## ASSIGNMENT
What appears from the first line of the records below through the line containing "by rewrite !muln0" must be reproduced verbatim.

(Dataset records)
++++++
Lemma ext_b_pow_a k : ext_eqv (ext_mul ext_b (ext_pow ext_a k))
  (ext_shift (ext_mul (ext_pow ext_a (s * k)) ext_b) (gamma *+ k)).
Proof.
elim: k => [|k IHk].
  rewrite muln0 mulr0n ext_shift0 /=; setoid_rewrite (ext_mulx1 ext_b).
  by symmetry; apply: ext_mul1.
rewrite /= -(ext_mulA ext_b ext_a) ext_b_a ext_mul_shiftl.
rewrite (ext_mulA (ext_pow ext_a s) ext_b (ext_pow ext_a k)) IHk ext_mul_shiftr.
by rewrite -(ext_mulA (ext_pow ext_a s)) -ext_powD -mulnS ext_shiftD mulrSr; reflexivity.
Qed.

Definition geom j := (\sum_(i < j) s ^ i)%N.

Lemma ext_pow_b_pow_a j k : ext_eqv (ext_mul (ext_pow ext_b j) (ext_pow ext_a k))
  (ext_shift (ext_mul (ext_pow ext_a (k * s ^ j)) (ext_pow ext_b j))
             (gamma *+ (k * geom j))).
Proof.
elim: j => [|j IHj].
  rewrite expn0 muln1 /geom big_ord0 muln0 mulr0n ext_shift0 /=.
  by setoid_rewrite (ext_mul1 (ext_pow ext_a k)); symmetry; apply: ext_mulx1.
rewrite /= (ext_mulA ext_b (ext_pow ext_b j)) IHj ext_mul_shiftr.
rewrite -(ext_mulA ext_b) ext_b_pow_a ext_mul_shiftl ext_shiftD.
rewrite (ext_mulA (ext_pow ext_a _) ext_b) /geom big_ord_recr /=.
by rewrite expnS mulnCA mulnDr addnC mulrnDr; reflexivity.
Qed.

Lemma ext_pow_b_div q r : ext_eqv (ext_pow ext_b (n * q + r))
  (ext_shift (ext_mul (ext_pow ext_a (t * q)) (ext_pow ext_b r)) (beta *+ q)).
Proof.
elim: q => [|q IHq].
  by rewrite !muln0 add0n mulr0n ext_shift0 /=; symmetry; apply: ext_mul1.
rewrite mulnS -addnA ext_powD ext_b_order ext_mul_shiftl IHq ext_mul_shiftr ext_shiftD.
by rewrite -(ext_mulA (ext_pow ext_a t)) -ext_powD -mulnS mulrSr; reflexivity.
Qed.

Definition ext_nf g : ext :=
  ext_mul (ext_pow ext_a (exp_a g)) (ext_pow ext_b (exp_b g)).

Lemma ext_nf2 g : (ext_nf g).2 = g.
Proof. by rewrite /= !ext_pow2 -exp_abK. Qed.

(* (a^i b^j)(a^k b^l) = a^(i + k s^j + t q) b^r where j + l = q n + r, and
   [exp_a_mul] is this unreduced a-exponent; collecting the corresponding
   product in [ext] uses a^m = 1 [carry_a] times, b^n = a^t [carry_b] times and
   b a = a^s b [gamma_mult] times. *)
Definition carry_b g h := ((exp_b g + exp_b h) %/ n)%N.
Definition exp_a_mul g h := (exp_a g + exp_a h * s ^ exp_b g + t * carry_b g h)%N.
Definition carry_a g h := (exp_a_mul g h %/ m)%N.
Definition gamma_mult g h := (exp_a h * geom (exp_b g))%N.
Definition nf_defect g h : C2 :=
  alpha *+ carry_a g h + beta *+ carry_b g h + gamma *+ gamma_mult g h.

Lemma ext_nf_mul_collect g h : ext_eqv (ext_mul (ext_nf g) (ext_nf h))
  (ext_shift (ext_mul (ext_pow ext_a (exp_a_mul g h %% m))
                      (ext_pow ext_b ((exp_b g + exp_b h) %% n))) (nf_defect g h)).
Proof.
have div_b : (exp_b g + exp_b h = n * carry_b g h + (exp_b g + exp_b h) %% n)%N.
  by rewrite /carry_b mulnC -divn_eq.
have div_a : (exp_a_mul g h = exp_a_mul g h %% m + m * carry_a g h)%N.
  by rewrite /carry_a mulnC addnC -divn_eq.
rewrite /ext_nf (ext_mulA (ext_pow ext_a _)) -(ext_mulA (ext_pow ext_b _)).
rewrite ext_pow_b_pow_a ext_mul_shiftl ext_mul_shiftr.
rewrite (ext_mulA (ext_pow ext_a (exp_a h * _))) -ext_powD.
rewrite -(ext_mulA (ext_pow ext_a (exp_a g))) -ext_powD.
rewrite [in ext_pow ext_b (exp_b g + exp_b h)]div_b.
rewrite ext_pow_b_div ext_mul_shiftr ext_shiftD -(ext_mulA (ext_pow ext_a _)) -ext_powD.
rewrite -/(exp_a_mul g h) [in ext_pow ext_a (exp_a_mul g h)]div_a.
by rewrite ext_pow_a_addm ext_mul_shiftl ext_shiftD /nf_defect addrA; reflexivity.
Qed.

Lemma exp_ab_mul g h : exp_a (g * h)%g = (exp_a_mul g h %% m)%N /\
  exp_b (g * h)%g = ((exp_b g + exp_b h) %% n)%N.
Proof.
have [gh2 _] := ext_nf_mul_collect g h.
move: gh2; rewrite /= !ext_pow2 -!exp_abK => ->.
exact: exp_ab_nf (ltn_pmod _ m_gt0) (ltn_pmod _ n_gt0).
Qed.

Lemma ext_nf_mul g h :
  ext_eqv (ext_mul (ext_nf g) (ext_nf h)) (ext_shift (ext_nf (g * h)%g) (nf_defect g h)).
Proof.
by rewrite /ext_nf; case: (exp_ab_mul g h) => -> ->; exact: ext_nf_mul_collect.
Qed.

Lemma exp_b_coboundary g h :
  (exp_b h)%:Z - (exp_b (g * h)%g)%:Z + (exp_b g)%:Z = n%:Z * (carry_b g h)%:Z.
Proof.
have := congr1 Posz (divn_eq (exp_b g + exp_b h) n).
by rewrite !PoszD PoszM /carry_b; case: (exp_ab_mul g h) => _ ->; lia.
Qed.

Lemma expn_geom j : (s ^ j)%:Z = 1 + (s%:Z - 1) * (geom j)%:Z.
Proof.
elim: j => [|j IHj]; first by rewrite /geom big_ord0 mulr0 addr0.
by rewrite /geom in IHj *; rewrite big_ord_recr /= expnS PoszD !PoszM IHj; ring.
Qed.

Lemma exp_a_coboundary g h :
  (exp_a h)%:Z - (exp_a (g * h)%g)%:Z + (exp_a g)%:Z =
  m%:Z * (carry_a g h)%:Z - t%:Z * (carry_b g h)%:Z - (s%:Z - 1) * (gamma_mult g h)%:Z.
Proof.
have mod_a : (exp_a_mul g h %% m)%:Z = (exp_a_mul g h)%:Z - m%:Z * (carry_a g h)%:Z.
  by rewrite {2}(divn_eq (exp_a_mul g h) m) PoszD PoszM /carry_a; ring.
have := expn_geom (exp_b g); case: (exp_ab_mul g h) => -> _.
rewrite mod_a /gamma_mult /exp_a_mul !PoszD !PoszM => ->; ring.
Qed.

Lemma central_of_commute_ab (x : gT) :
  commute x a -> commute x b -> x \in 'Z([set: gT])%g.
Proof.
move=> xa xb; apply/centerP; split=> [|y _]; first by rewrite inE.
by rewrite (exp_abK y); apply: commuteM; apply: commuteX.
Qed.

Lemma ganea_span_alpha_gamma :
  in_ganea_span (alpha *+ (s.-1 %/ gcdn m s.-1) + gamma *+ (m %/ gcdn m s.-1)).
Proof.
set k0 := (m %/ _)%N; set e0 := (s.-1 %/ _)%N.
have s_k0 : (s * k0 = k0 + m * e0)%N.
  rewrite /k0 /e0 -(prednK s_gt0) mulSn; congr (_ + _)%N.
  by rewrite !muln_divA ?dvdn_gcdl ?dvdn_gcdr // mulnC.
have comm := ext_b_pow_a k0.
rewrite s_k0 ext_pow_a_addm ext_mul_shiftl ext_shiftD in comm.
have [ba_k0 _] := comm; rewrite /= !ext_pow2 in ba_k0.
have Zak0 : (a ^+ k0)%g \in 'Z([set: gT])%g.
  apply: central_of_commute_ab; last by rewrite /commute ba_k0.
  by apply/commute_sym/commuteX.
have := ganea_spanB (ganea_span_cycle b Zak0) (ext_eqv_shift_span comm).
move/ganea_span_eq; apply.
by rewrite /ganea_cycle /= !ext_pow2; chain_ring.
Qed.

Lemma ganea_span_alpha_gamma_comb (P U : int) : m%:Z * P = (s%:Z - 1) * U ->
  in_ganea_span (alpha *~ P + gamma *~ U).
Proof.
have -> : s%:Z - 1 = s.-1%:Z by rewrite -subn1 subzn.
move=> /(mul_eq_solutions m_gt0) [l [-> ->]]; rewrite -!mulrzA_C -mulrzDl -!pmulrn.
exact: ganea_spanMz ganea_span_alpha_gamma.
Qed.

Lemma cycle_nf_defect c : is_2cycle c ->
  in_ganea_span (c - \sum_p nf_defect p.1 p.2 *~ c p).
Proof.
move=> c_cycle; pose T g := (ext_nf g).1.
have cE : c = \sum_p (e2 p.1 p.2 + (T p.2 - T (p.1 * p.2)%g + T p.1)) *~ c p.
  under eq_bigr do rewrite mulrzDl.
  by rewrite big_split /= coboundary_on_cycle // addr0 -chain2_expand.
rewrite {1}cE -sumrB; apply: ganea_span_sum => p _; rewrite -mulrzBl.
apply/ganea_spanMz/(ganea_span_eq (ext_eqv_shift_span (ext_nf_mul p.1 p.2))).
rewrite -[(ext_mul _ _).1]/(T p.1 + T p.2 + e2 (ext_nf p.1).2 (ext_nf p.2).2).
by rewrite !ext_nf2; chain_ring.
Qed.
(* Let $k\ge 2$, let $G$ be a $\Gamma_{\times k,t}$-external graph with $\delta(G)\ge k$, and let $H$ be a graph. (i) If $\delta(H)\ge k+1$, then $\Gamma_{\times k,t}(G\,\Box\,H)\ge\Gamma_{\times k,t}(G)\big(\Gamma_{\times k,t}(H)+\delta(H)-k\big)$. (ii) If $H$ is $k$-regular, then $\Gamma_{\times k,t}(G\,\Box\,H)\ge\Gamma_{\times k,t}(G)\cdot\Gamma_{\times k,t}(H)$.
   Context: A set $S\subseteq V(G)$ is a $k$-tuple total dominating set ($k$TDS) of a graph $G$ with $\delta(G)\ge k$ if $|N_G(x)\cap S|\ge k$ for every $x\in V(G)$. The upper $k$-tuple total domination number $\Gamma_{\times k,t}(G)$ is the maximum cardinality of a minimal (with respect to inclusion) $k$TDS of $G$; a minimal $k$TDS of this cardinality is a $\Gamma_{\times k,t}$-set. For $v\in S$, a vertex $v'$ is a $k$-open private neighbor of $v$ with respect to $S$ if $v\in N_G(v')$ and $|N_G(v')\cap S|=k$; it is external if $v'\notin S$. A graph $G$ is $\Gamma_{\times k,t}$-external if it has a $\Gamma_{\times k,t}$-set $S$ such that every vertex of $S$ has an external $k$-open private neighbor with respect to $S$. The Cartesian product $G\,\Box\,H$ has vertex set $V(G)\times V(H)$, with $(g_1,h_1)\sim(g_2,h_2)$ iff either $g_1=g_2$ and $h_1h_2\in E(H)$, or $h_1=h_2$ and $g_1g_2\in E(G)$. *)

From mathcomp Require Import all_boot.
Set Implicit Arguments. Unset Strict Implicit. Unset Printing Implicit Defensive.

Section Graphs.
Variable T : finType.
Implicit Types (e : rel T) (S : {set T}) (k : nat).

Definition simple_graph e := irreflexive e /\ symmetric e.

Definition nbhd e (x : T) : {set T} := [set y | e x y].

(* minimum degree delta(G); the default #|T| is irrelevant for nonempty T *)
Definition mindeg e : nat := \big[minn/#|T|]_(x : T) #|nbhd e x|.

Definition regular e k := forall x : T, #|nbhd e x| = k.

Definition is_kTDS e k S : bool := [forall x : T, k <= #|nbhd e x :&: S|].

Definition is_min_kTDS e k S : bool :=
  is_kTDS e k S && [forall S' : {set T}, (S' \proper S) ==> ~~ is_kTDS e k S'].

Definition upper_kTDN e k : nat := \max_(S : {set T} | is_min_kTDS e k S) #|S|.

Definition is_Gamma_set e k S : bool := is_min_kTDS e k S && (#|S| == upper_kTDN e k).

Definition ext_kopn e k S (v v' : T) : bool :=
  [&& v \in nbhd e v', v' \notin S & #|nbhd e v' :&: S| == k].

Definition Gamma_external e k : Prop :=
  exists S : {set T}, is_Gamma_set e k S /\
    forall v, v \in S -> exists v' : T, ext_kopn e k S v v'.
End Graphs.

Definition cartesian (T1 T2 : finType) (e1 : rel T1) (e2 : rel T2) : rel (T1 * T2) :=
  fun u w => ((u.1 == w.1) && e2 u.2 w.2) || ((u.2 == w.2) && e1 u.1 w.1).

(* If S is a Gamma_{x k,t}-set of G all of whose
   vertices have external k-open private neighbours, then S x V(H) is a minimal
   kTDS of G [] H: a private neighbour s' of s in G, being outside S, sees S x V(H)
   from (s', b) only through the G-layer of b, so (s', b) is a private neighbour
   of (s, b).  Hence Gamma(G [] H) >= Gamma(G) |V(H)|, and |V(H)| dominates both
   Gamma(H) and Gamma(H) + delta(H) - k, the latter because every vertex of a
   minimal kTDS D has a private neighbour u, whose at least delta(H) neighbours
   are the k in D and the others outside D. *)
From mathcomp Require Import all_boot.
From mathcomp Require Import zify.

Set Implicit Arguments.
Unset Strict Implicit.
Unset Printing Implicit Defensive.

Section MinimalKTDS.
Variables (T : finType) (e : rel T) (k : nat).
Implicit Types (S D : {set T}) (u v x : T).

Definition kopn S v u : bool := (v \in nbhd e u) && (#|nbhd e u :&: S| == k).

Lemma mindeg_le_deg x : mindeg e <= #|nbhd e x|.
Proof.
rewrite /mindeg; elim: (index_enum T) (mem_index_enum x) => // y r IH.
rewrite inE big_cons => /orP [/eqP <-|/IH]; first exact: geq_minl.
by rewrite geq_min => ->; rewrite orbT.
Qed.

Lemma mindeg_le_card : mindeg e <= #|T|.
Proof.
rewrite /mindeg; elim/big_ind: _ => // [a b Ha _|x _]; last exact: max_card.
exact: leq_trans (geq_minl _ _) Ha.
Qed.

Lemma min_kTDSP S :
  reflect (is_kTDS e k S /\ forall v, v \in S -> exists u, kopn S v u)
          (is_min_kTDS e k S).
Proof.
apply: (iffP andP) => -[SkTDS Spriv]; split => //.
- move=> v vS; move/forallP/(_ (S :\ v)): Spriv; rewrite properD1 //=.
  case/forallPn => u; rewrite -ltnNge setIDA => lt_u.
  have le_u := forallP SkTDS u.
  have card_u := cardsD1 v (nbhd e u :&: S); rewrite inE vS andbT in card_u.
  exists u; rewrite /kopn; case: (v \in nbhd e u) card_u => /= card_u.
    by apply/eqP; lia.
  lia.
- apply/forallP => S'; apply/implyP => /properP [sS'S [v vS vS']].
  have [u /andP [vNu /eqP card_u]] := Spriv v vS.
  apply/forallPn; exists u; rewrite -ltnNge.
  have sub_u : nbhd e u :&: S' \subset (nbhd e u :&: S) :\ v.
    by rewrite setDE -setIA setIS // subsetI sS'S subsetC sub1set inE vS'.
  have := cardsD1 v (nbhd e u :&: S); rewrite inE vNu vS card_u.
  move: (subset_leq_card sub_u); lia.
Qed.

Lemma upper_kTDN_ge S : is_min_kTDS e k S -> #|S| <= upper_kTDN e k.
Proof. by move=> minS; rewrite /upper_kTDN (bigD1 S) //= leq_maxl. Qed.

Lemma upper_kTDN_le_card : upper_kTDN e k <= #|T|.
Proof. by apply/bigmax_leqP => S _; exact: max_card. Qed.

Lemma min_kTDS_card_add_mindeg D :
  is_min_kTDS e k D -> #|D| + mindeg e <= #|T| + k.
Proof.
case/min_kTDSP => _ Dpriv.
have [->|[v vD]] := set_0Vmem D; first by rewrite cards0; have := mindeg_le_card; lia.
have [u /andP [_ /eqP card_u]] := Dpriv v vD.
have outside_u : #|nbhd e u :\: D| <= #|~: D|.
  by apply: subset_leq_card; rewrite setDE subsetIr.
have := cardsID D (nbhd e u); have := cardsC D; have := mindeg_le_deg u; lia.
Qed.

Lemma upper_kTDN_add_mindeg : upper_kTDN e k + mindeg e <= #|T| + k.
Proof.
have [none|some] := posnP #|[pred S : {set T} | is_min_kTDS e k S]|.
  rewrite /upper_kTDN big_pred0 => [|S]; last exact: card0_eq none S.
  by have := mindeg_le_card; lia.
rewrite /upper_kTDN; have [D minD ->] := eq_bigmax_cond (fun S : {set T} => #|S|) some.
exact: min_kTDS_card_add_mindeg.
Qed.

End MinimalKTDS.

Section CartesianLayer.
Variables (T1 T2 : finType) (g : rel T1) (h : rel T2).
Implicit Types (S : {set T1}) (x : T1) (b : T2).

Lemma layer_sub_nbhd_cartesian S x b :
  [set (y, b) | y in nbhd g x :&: S]
    \subset nbhd (cartesian g h) (x, b) :&: setX S [set: T2].
Proof.
apply/subsetP => _ /imsetP [y + ->]; rewrite !inE => /andP [gxy yS].
by rewrite /cartesian /= eqxx gxy orbT yS.
Qed.

Lemma nbhd_cartesian_layer S x b : x \notin S ->
  nbhd (cartesian g h) (x, b) :&: setX S [set: T2]
    = [set (y, b) | y in nbhd g x :&: S].
Proof.
move=> xS; apply/eqP; rewrite eqEsubset layer_sub_nbhd_cartesian andbT.
apply/subsetP => -[y c]; rewrite !inE andbT /cartesian /= => /andP [+ yS].
case/orP => /andP [/eqP xy adj]; first by rewrite xy yS in xS.
by apply/imsetP; exists y; rewrite ?inE ?adj ?yS // xy.
Qed.

Lemma card_layer S x b : #|[set (y, b) | y in nbhd g x :&: S]| = #|nbhd g x :&: S|.
Proof. by rewrite card_imset // => y z []. Qed.

Lemma min_kTDS_setXT k S :
  is_kTDS g k S -> (forall v, v \in S -> exists v', ext_kopn g k S v v') ->
  is_min_kTDS (cartesian g h) k (setX S [set: T2]).
Proof.
move=> /forallP SkTDS Sext; apply/min_kTDSP; split.
  apply/forallP => -[x b]; apply: leq_trans (SkTDS x) _.
  by rewrite -(card_layer S x b) subset_leq_card ?layer_sub_nbhd_cartesian.
move=> [s b]; rewrite !inE andbT /= => sS.
have [s' /and3P [+ s'S /eqP card_s']] := Sext s sS; rewrite inE => gs's.
exists (s', b); rewrite /kopn nbhd_cartesian_layer // card_layer card_s' eqxx.
by rewrite andbT inE /cartesian /= eqxx gs's orbT.
Qed.

End CartesianLayer.

Lemma upper_kTDN_cartesian_ge (T1 T2 : finType) (g : rel T1) (h : rel T2) k :
  Gamma_external g k -> upper_kTDN g k * #|T2| <= upper_kTDN (cartesian g h) k.
Proof.
case=> S [/andP [/andP [SkTDS _] /eqP <-] Sext].
rewrite -cardsT -cardsX upper_kTDN_ge //.
exact: min_kTDS_setXT.
Qed.

Theorem mainTheorem12 (T1 T2 : finType) (g : rel T1) (h : rel T2) (k : nat) :
  2 <= k ->
  simple_graph g -> simple_graph h ->
  0 < #|T1| -> 0 < #|T2| ->
  k <= mindeg g ->
  Gamma_external g k ->
  (k.+1 <= mindeg h ->
     upper_kTDN g k * (upper_kTDN h k + mindeg h - k)
       <= upper_kTDN (cartesian g h) k) /\
  (regular h k ->
     upper_kTDN g k * upper_kTDN h k <= upper_kTDN (cartesian g h) k).
Proof.
move=> _ _ _ _ _ _ Gext.
have prod_ge := upper_kTDN_cartesian_ge h Gext.
split=> _; apply: leq_trans prod_ge; rewrite leq_mul2l.
  by have := upper_kTDN_add_mindeg h k; rewrite orbC; lia.
by rewrite upper_kTDN_le_card orbT.
Qed.
Lemma edge_meet_link : {in edges & link, forall e W : {set 'I_n}, e :&: W != set0}.
Proof.
move=> _ _ /imsetP[X XT ->] /imsetP[G /setIdP[GF T0NG] ->].
have [/tcoverP XF _ T0X] := Tcov_supset XT.
have := XF _ GF; rewrite (cardsI_supset _ T0X) setIC (card_trace GF T0NG).
move=> leXG; have : 0 < #|(X :\: T0) :&: G| by have := t_gt0; lia.
rewrite card_gt0 => /set0Pn[x /setIP[/setDP[xX xT0] xG]].
by apply/set0Pn; exists x; rewrite !inE xX xG xT0.
Qed.

Lemma trace_eq G G' : G \in nonsup -> G' \in nonsup ->
  #|(G :\: T0) :&: (G' :\: T0)| = 1 -> G :&: T0 = G' :&: T0.
Proof.
move=> /setIdP[GF T0NG] /setIdP[G'F T0NG'] one.
have := Ft GF G'F; rewrite -(cardsID T0 (G :&: G')) setDIl one => le.
have fill H : H \in F -> ~~ (T0 \subset H) -> G :&: G' :&: T0 \subset H :&: T0 ->
    G :&: G' :&: T0 = H :&: T0.
  move=> HF T0NH sub; apply/eqP; rewrite eqEcard sub card_trace //; have := t_gt0; lia.
rewrite -(fill G) ?setISS ?subsetIl //.
by rewrite -(fill G') ?setISS ?subsetIr.
Qed.

(* Two non-supersets whose link sets meet in one point have the same trace;
   [a |: B] and [u |: B] both meet [a |: C] in one point. *)
Lemma nonsup_common_trace a (B C : {set 'I_n}) u :
  a \notin B :|: C -> [disjoint B & C] -> u \in C ->
  link = [set a |: B; a |: C; u |: B] ->
  exists2 R : {set 'I_n}, R \subset T0 /\ #|R|.+1 = t &
    nonsup = [set R :|: W | W in [set a |: B; a |: C; u |: B]].
Proof.
move=> aNBC disjBC uC link_eq.
have inlink W : W \in [set a |: B; a |: C; u |: B] -> exists2 G, G \in nonsup & W = G :\: T0.
  by rewrite -link_eq => /imsetP.
have [GB GBn defB] : exists2 G, G \in nonsup & a |: B = G :\: T0.
  by apply: inlink; rewrite !inE eqxx.
have [GC GCn defC] : exists2 G, G \in nonsup & a |: C = G :\: T0.
  by apply: inlink; rewrite !inE eqxx orbT.
have [aNB aNC] : a \notin B /\ a \notin C by apply/norP; rewrite -in_setU.
have meetBC : #|(a |: B) :&: (a |: C)| = 1.
  by rewrite -setUIr (disjoint_setI0 disjBC) setU0 cards1.
have meetuC : #|(u |: B) :&: (a |: C)| = 1.
  apply/eqP/cards1P; exists u; apply/setP => x; rewrite !inE.
  case: (eqVneq x u) => [->|_]; first by rewrite uC orbT.
  have [xB|] //= := boolP (x \in B).
  by rewrite (disjointFr disjBC xB) orbF; apply: contraNF aNB => /eqP <-.
have traceC G : G \in nonsup -> G :&: T0 = GC :&: T0.
  move=> Gn; have : G :\: T0 \in [set a |: B; a |: C; u |: B].
    by rewrite -link_eq; apply/imsetP; exists G.
  have GBC : GB :&: T0 = GC :&: T0 by apply: trace_eq; rewrite // -defB -defC.
  rewrite !inE => /orP[/orP[]|] /eqP eqW.
  - by apply: trace_eq; rewrite // eqW -defC.
  - by rewrite -GBC; apply: trace_eq; rewrite // eqW -defB setIC.
  - by apply: trace_eq; rewrite // eqW -defC.
have /setIdP[GCF T0NGC] := GCn.
exists (GC :&: T0); first by rewrite subsetIr card_trace // prednK // t_gt0.
apply/setP => G; apply/idP/imsetP => [Gn|[W /inlink[G' G'n ->] ->]].
  exists (G :\: T0); last by rewrite -(traceC G Gn) setID.
  by rewrite -link_eq; apply/imsetP; exists G.
by rewrite -(traceC G' G'n) setID.
Qed.
Theorem mainTheorem11 (R : realType) (dT : measure_display) (T : measurableType dT)
  (dist : T -> T -> R) (dO : measure_display) (O : measurableType dO)
  (P : probability O R) (Xs : nat -> O -> T)
  (dZ : nat -> measure_display) (Z : forall m, measurableType (dZ m))
  (Theta : forall m, O -> Z m)
  (psi : forall m, (m.+1.-tuple (measurableTypeR R) * Z m)%type -> 'I_m.+1)
  (x : T) (eta : T -> R) :
  is_metric dist ->
  borel_of_metric dist ->
  (forall i, measurable_fun setT (Xs i)) ->
  mutually_independent P Xs ->
  identically_distributed P Xs ->
  measurable_fun setT (eta : T -> measurableTypeR R) ->
  (exists K : R, forall y, `|eta y| <= K) ->
  is_ISIMIN P Xs Theta psi ->
  (forall r : R, 0 < r -> (0 < P (Xs 0%N @^-1` sphere dist x r))%E ->
     forall (m : nat) (A : set T), measurable A ->
       condprob P (nearest_neighbor dist x Xs Theta psi m @^-1` A)
                  (nearest_neighbor dist x Xs Theta psi m @^-1` sphere dist x r)
       = condprob P (Xs 0%N @^-1` A) (Xs 0%N @^-1` sphere dist x r))
  /\
  (exists C : R, 0 < C /\ exists Rad : R, 0 < Rad /\ exists M : nat,
     forall (r : R) (m : nat), 0 < r -> r < Rad -> (M <= m)%N ->
       (0 < P (Xs 0%N @^-1` sphere dist x r))%E ->
       condexp P (fun w => `|eta (nearest_neighbor dist x Xs Theta psi m w) - eta x|)
                 (nearest_neighbor dist x Xs Theta psi m @^-1` sphere dist x r)
       <= C * condexp P (fun w => `|eta (Xs 0%N w) - eta x|)
                        (Xs 0%N @^-1` sphere dist x r)).
Proof.
move=> hmet hbor mXs hind hid meta _ hisi.
have mS r := sphere_measurable hmet hbor x r.
have law r m : 0 < r -> (0 < P (Xs 0%N @^-1` sphere dist x r))%E ->
    exists2 q : R, 0 < q &
    law_proportional_on P (nearest_neighbor dist x Xs Theta psi m) (Xs 0%N)
      (sphere dist x r) q.
  move=> r_gt0 hs; have [mTh hTh mpsi _] := hisi m.
  eexists; first exact: (selection_weight_gt0 mXs hind mTh mpsi hmet hbor
                           (x:=x) (ltW r_gt0) hTh hid hs).
  exact: (selected_law_on_sphere mXs hind mTh mpsi hmet hbor (x:=x) (ltW r_gt0) hTh hid).
split=> [r r_gt0 hs m A mA|].
  have [q q_gt0 hlaw] := law r m r_gt0 hs.
  by have := condprob_proportional_law hlaw (lt0r_neq0 q_gt0) (mS r) mA.
exists 1; split=> //; exists 1; split=> //; exists 0%N => r m r_gt0 _ _ hs.
have [q q_gt0 hlaw] := law r m r_gt0 hs; have [mTh _ mpsi _] := hisi m.
rewrite mul1r le_eqVlt; apply/orP; left; apply/eqP.
apply: (condexp_proportional_law (g := fun y => `|eta y - eta x|) hlaw _ (mXs 0%N)
          (mS r) q_gt0) => //.
- exact: (selected_sample_measurable mXs mTh mpsi hmet hbor x).
- by apply: measurableT_comp => //; exact: measurable_funB.
Qed.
++++++
## PROBLEM SOLUTION
Lemma ext_b_pow_a k : ext_eqv (ext_mul ext_b (ext_pow ext_a k))
  (ext_shift (ext_mul (ext_pow ext_a (s * k)) ext_b) (gamma *+ k)).
Proof.
elim: k => [|k IHk].
  rewrite muln0 mulr0n ext_shift0 /=; setoid_rewrite (ext_mulx1 ext_b).
  by symmetry; apply: ext_mul1.
rewrite /= -(ext_mulA ext_b ext_a) ext_b_a ext_mul_shiftl.
rewrite (ext_mulA (ext_pow ext_a s) ext_b (ext_pow ext_a k)) IHk ext_mul_shiftr.
by rewrite -(ext_mulA (ext_pow ext_a s)) -ext_powD -mulnS ext_shiftD mulrSr; reflexivity.
Qed.

Definition geom j := (\sum_(i < j) s ^ i)%N.

Lemma ext_pow_b_pow_a j k : ext_eqv (ext_mul (ext_pow ext_b j) (ext_pow ext_a k))
  (ext_shift (ext_mul (ext_pow ext_a (k * s ^ j)) (ext_pow ext_b j))
             (gamma *+ (k * geom j))).
Proof.
elim: j => [|j IHj].
  rewrite expn0 muln1 /geom big_ord0 muln0 mulr0n ext_shift0 /=.
  by setoid_rewrite (ext_mul1 (ext_pow ext_a k)); symmetry; apply: ext_mulx1.
rewrite /= (ext_mulA ext_b (ext_pow ext_b j)) IHj ext_mul_shiftr.
rewrite -(ext_mulA ext_b) ext_b_pow_a ext_mul_shiftl ext_shiftD.
rewrite (ext_mulA (ext_pow ext_a _) ext_b) /geom big_ord_recr /=.
by rewrite expnS mulnCA mulnDr addnC mulrnDr; reflexivity.
Qed.

Lemma ext_pow_b_div q r : ext_eqv (ext_pow ext_b (n * q + r))
  (ext_shift (ext_mul (ext_pow ext_a (t * q)) (ext_pow ext_b r)) (beta *+ q)).
Proof.
elim: q => [|q IHq].
  by rewrite !muln0 add0n mulr0n ext_shift0 /=; symmetry; apply: ext_mul1.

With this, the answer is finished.